Question

7) A stone of 1 kg is thrown with a velocity of 20 m/s across the frozen
surface of a lake and comes to rest after travelling a distance of 50m. What
is the force of friction between the stone and the ice?​

Answer 1

Given:-

• Mass of Stone = 1kg

• Initial Velocity of Stone = 20m/s

• Final Velocity = 0m/s

• Distance Travelled = 50m.

To Find:-

• Force acting between stone and the Ice.

Formulae used:-

• v² - u² = 2as

• F = ma

Where,

• v = Final Velocity
• u = Initial Velocity
• a = Acceleration
• S = Distance
• F = Force
• m = Mass

Now,

First we have to find Acceleration

→ v² - u² = 2as

→ (0)² - (20)² = 2 × a × 50

→ -400 = 2 × a × 50.

→ -400 = 100a.

→ a = -400/100

→ a = -4m/s²

Hence, The Retardation of stone is -4m/s²

Therefore,

→ F = ma

→ F = 1 × -4

→ F = -4N.

Hence, The force of friction between stone and ice is -4N

Answer 2

Question:

A stone of 1 kg is thrown with a velocity of 20m/s across the frozen surface of lake and comes to rest after travelling a distance of 50m.
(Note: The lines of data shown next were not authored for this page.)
(* Let $i,p\ge-1$ and $q\ge0$, and let $v\in C([0,1],L(\mathbb{R}^d,\mathbb{R}^n))$, $w\in C([0,1],\mathbb{R}^d)$. Then \[ \Big\|\Delta_i\Big(\int_0^\cdot\Delta_pv(s)\,d\Delta_qw(s)\Big)\Big\|_\infty\lesssim 2^{-(i\vee p\vee q)-i+p+q}\|\Delta_pv\|_\infty\|\Delta_qw\|_\infty, \] except in the case $i=q>p$, where one only has \[ \Big\|\Delta_i\Big(\int_0^\cdot\Delta_pv(s)\,d\Delta_qw(s)\Big)\Big\|_\infty\lesssim\|\Delta_pv\|_\infty\|\Delta_qw\|_\infty. \]
   Context: Index set: pairs $(p,m)$ with either $p=-1,m=0$, or $p\in\mathbb{N}=\{0,1,2,\dots\}$ and $0\le m\le 2^p$. For $p\in\mathbb{N}$, $1\le m\le 2^p$ set $t^0_{pm}=(m-1)2^{-p}$, $t^1_{pm}=(2m-1)2^{-p-1}$, $t^2_{pm}=m2^{-p}$. Rescaled Haar functions: for $p\in\mathbb{N}$, $1\le m\le 2^p$, $\chi_{pm}=2^p$ on $[t^0_{pm},t^1_{pm})$, $=-2^p$ on $[t^1_{pm},t^2_{pm})$, $=0$ elsewhere; $\chi_{00}\equiv1$; $\chi_{p0}\equiv0$ for $p\ge1$. Rescaled Schauder functions: $\varphi_{pm}(t)=\int_0^t\chi_{pm}(s)\,ds$ for $p\in\mathbb{N}$, and $\varphi_{-10}\equiv1$. For continuous $f:[0,1]\to E$ ($E$ a finite-dimensional normed space), coefficients: $f_{-10}=f(0)$, $f_{00}=f(1)-f(0)$, $f_{p0}=0$ for $p\ge1$, $f_{pm}=2f(t^1_{pm})-f(t^0_{pm})-f(t^2_{pm})$ for $p\in\mathbb{N},m\ge1$. Schauder blocks: $\Delta_pf=\sum_{m=0}^{2^p}f_{pm}\varphi_{pm}$ for $p\ge-1$. Since $\Delta_qw$ is piecewise linear, $\int_0^t\Delta_pv\,d\Delta_qw:=\int_0^t\Delta_pv(s)(\Delta_qw)'(s)\,ds$. $\|\cdot\|_\infty$ is the sup norm on $[0,1]$; $a\vee b=\max(a,b)$; $\lesssim$ hides a constant independent of $i,p,q,v,w$. *)

From Stdlib Require Import Reals Lra Lia ZArith List.
Import ListNotations.
Open Scope R_scope.

Definition fsum (n : nat) (g : nat -> R) : R :=
  fold_right Rplus 0 (map g (seq 0 n)).

Definition vnorm (n : nat) (x : nat -> R) : R :=
  fold_right Rmax 0 (map (fun k => Rabs (x k)) (seq 0 n)).

(* operator norm of an n x d matrix (entries M k j, k<n, j<d) from
   (R^d, max norm) to (R^n, max norm): max row sum *)
Definition opnorm (n d : nat) (M : nat -> nat -> R) : R :=
  fold_right Rmax 0 (map (fun k => fsum d (fun j => Rabs (M k j))) (seq 0 n)).

(* dyadic points, p >= 0, 1 <= m <= 2^p *)
Definition t0 (p m : nat) : R := (INR m - 1) / 2 ^ p.
Definition t1 (p m : nat) : R := (2 * INR m - 1) / 2 ^ (S p).
Definition t2 (p m : nat) : R := INR m / 2 ^ p.

Definition chi (p m : nat) (s : R) : R :=
  if (m =? 0)%nat then (if (p =? 0)%nat then 1 else 0)
  else if Rle_dec (t0 p m) s then
         (if Rlt_dec s (t1 p m) then 2 ^ p
          else if Rlt_dec s (t2 p m) then - 2 ^ p else 0)
       else 0.

(* rescaled Schauder functions phi_{pm}(t) = int_0^t chi_{pm}, p >= 0,
   written out explicitly (valid for t in [0,1]) *)
Definition phi (p m : nat) (t : R) : R :=
  if (m =? 0)%nat then (if (p =? 0)%nat then t else 0)
  else if Rle_dec (t0 p m) t then
         (if Rle_dec t (t1 p m) then 2 ^ p * (t - t0 p m)
          else if Rle_dec t (t2 p m) then 2 ^ p * (t2 p m - t) else 0)
       else 0.

Definition scoef (f : R -> R) (p m : nat) : R :=
  if (m =? 0)%nat then (if (p =? 0)%nat then f 1 - f 0 else 0)
  else 2 * f (t1 p m) - f (t0 p m) - f (t2 p m).

Definition DeltaN (f : R -> R) (p : nat) (t : R) : R :=
  sum_f_R0 (fun m => scoef f p m * phi p m t) (2 ^ p)%nat.

Definition SDelta (f : R -> R) (p : Z) (t : R) : R :=
  if (p <? 0)%Z then f 0 else DeltaN f (Z.to_nat p) t.

(* derivative (a.e., right derivative) of the piecewise linear Delta_q f, q >= 0 *)
Definition dSDelta (f : R -> R) (q : nat) (s : R) : R :=
  sum_f_R0 (fun m => scoef f q m * chi q m s) (2 ^ q)%nat.

Definition cont01 (f : R -> R) : Prop :=
  forall t, 0 <= t <= 1 -> forall eps, eps > 0 ->
    exists delta, delta > 0 /\
      forall s, 0 <= s <= 1 -> Rabs (s - t) < delta -> Rabs (f s - f t) < eps.

From Stdlib Require Import Reals Lra Lia ZArith List Bool.
From Coquelicot Require Import Coquelicot.
Open Scope R_scope.

(* Put L at least one level finer than the grids of Δ_p v and Δ_q w. On each dyadic cell of
   level L, Δ_p v is affine and (Δ_q w)' is constant, so the midpoint rule computes the
   increment of F = ∫ Δ_p v d(Δ_q w) over the cell exactly; summing increments bounds every
   Schauder coefficient of F of level i < L, hence Δ_i F. Three bounds on increments cover all
   cases. The trivial one (cell length times |Δ_p v| |(Δ_q w)'|) settles p >= i, q and the case
   i = q > p. If q > p, use cells of level q: Δ_q w vanishes at their endpoints, so (Δ_q w)'
   changes sign at the midpoint, and since Δ_p v is affine only its slope survives, with a
   gain 2^(p-q). If i > p, q, the same cancellation happens inside the second difference that
   defines a coefficient of level i, where (Δ_q w)' is now constant. Slopes of Δ_r are bounded
   by 2^(r+1) times its sup norm because Δ_r is affine between grid points of level r+1. *)

Lemma fsum_le (d : nat) (g h : nat -> R) :
  (forall j, (j < d)%nat -> g j <= h j) -> fsum d g <= fsum d h.
Proof.
  intros H; unfold fsum.
  assert (Hin : forall j, In j (seq 0 d) -> g j <= h j)
    by (intros j Hj; apply in_seq in Hj; apply H; lia).
  induction (seq 0 d) as [|j l IH]; simpl in *; [lra|].
  pose proof (Hin j (or_introl eq_refl)).
  pose proof (IH (fun k Hk => Hin k (or_intror Hk))). lra.
Qed.

Lemma fsum_ext (d : nat) (g h : nat -> R) :
  (forall j, (j < d)%nat -> g j = h j) -> fsum d g = fsum d h.
Proof.
  intros H; apply Rle_antisym; apply fsum_le; intros j Hj; rewrite H by exact Hj; lra.
Qed.

Lemma fsum_plus (d : nat) (g h : nat -> R) :
  fsum d (fun j => g j + h j) = fsum d g + fsum d h.
Proof. unfold fsum; induction (seq 0 d); simpl; lra. Qed.

Lemma fsum_scal (d : nat) (c : R) (g : nat -> R) :
  fsum d (fun j => c * g j) = c * fsum d g.
Proof. unfold fsum; induction (seq 0 d) as [|j l IH]; simpl; [ring|rewrite IH; ring]. Qed.

Lemma fsum_abs (d : nat) (g : nat -> R) :
  Rabs (fsum d g) <= fsum d (fun j => Rabs (g j)).
Proof.
  unfold fsum; induction (seq 0 d) as [|j l IH]; simpl; [rewrite Rabs_R0; lra|].
  eapply Rle_trans; [apply Rabs_triang|lra].
Qed.

Lemma fsum_mul_abs_le (d : nat) (a c : nat -> R) (K : R) :
  (forall j, (j < d)%nat -> Rabs (c j) <= K) ->
  Rabs (fsum d (fun j => a j * c j)) <= fsum d (fun j => Rabs (a j)) * K.
Proof.
  intros H. eapply Rle_trans; [apply fsum_abs|].
  rewrite Rmult_comm, <- fsum_scal. apply fsum_le. intros j Hj.
  rewrite Rabs_mult, Rmult_comm. apply Rmult_le_compat_r; [apply Rabs_pos|auto].
Qed.

Lemma fold_max_ge (l : list nat) (g : nat -> R) (x : nat) :
  In x l -> g x <= fold_right Rmax 0 (map g l).
Proof.
  induction l as [|a l IH]; simpl; intros H; [contradiction|].
  destruct H as [<-|H]; [apply Rmax_l|].
  eapply Rle_trans; [apply IH, H|apply Rmax_r].
Qed.

Lemma fold_max_nonneg (l : list nat) (g : nat -> R) : 0 <= fold_right Rmax 0 (map g l).
Proof. induction l; simpl; [lra|]. eapply Rle_trans; [eassumption|apply Rmax_r]. Qed.

Lemma fold_max_le (l : list nat) (g : nat -> R) (M : R) :
  0 <= M -> (forall x, In x l -> g x <= M) -> fold_right Rmax 0 (map g l) <= M.
Proof. induction l; simpl; intros; auto. apply Rmax_lub; auto. Qed.

Lemma opnorm_row (n d : nat) (M : nat -> nat -> R) (k : nat) :
  (k < n)%nat -> fsum d (fun j => Rabs (M k j)) <= opnorm n d M.
Proof. intros; apply (fold_max_ge _ (fun k => fsum d (fun j => Rabs (M k j)))), in_seq; lia. Qed.

Lemma vnorm_comp (d : nat) (x : nat -> R) (j : nat) : (j < d)%nat -> Rabs (x j) <= vnorm d x.
Proof. intros; apply (fold_max_ge _ (fun k => Rabs (x k))), in_seq; lia. Qed.

Lemma vnorm_le (n : nat) (x : nat -> R) (X : R) :
  0 <= X -> (forall k, (k < n)%nat -> Rabs (x k) <= X) -> vnorm n x <= X.
Proof. intros HX Hx; apply fold_max_le; auto. intros k Hk; apply in_seq in Hk; apply Hx; lia. Qed.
What is the force of friction of friction between the stone and the ice?

Given that:

u (Initial velocity)= 20m/s

v (Final velocity) = 0m/s

s (Distance covered) = 50m.

We need to find acceleration first using third equation of motion,

$v {}^{2} - u {}^{2} = 2 \times a \times s$

Since, v^2 = 0

➝ – 400 = 2 × a × s

➝ 400 = 2 × a × 50

➝ a = – 400/100 = – 4m/s

Hence, acceleration = – 4m/s

${F_net}$ = m × a

= 1 × (–4)

= – 4N (opposing force)

Suppose the object is moving in the right direction then here minus sign indicates that the force of the object is in the opposite side of the motion of that object.

Therefore, force of friction between the stone and the ice is – 4N.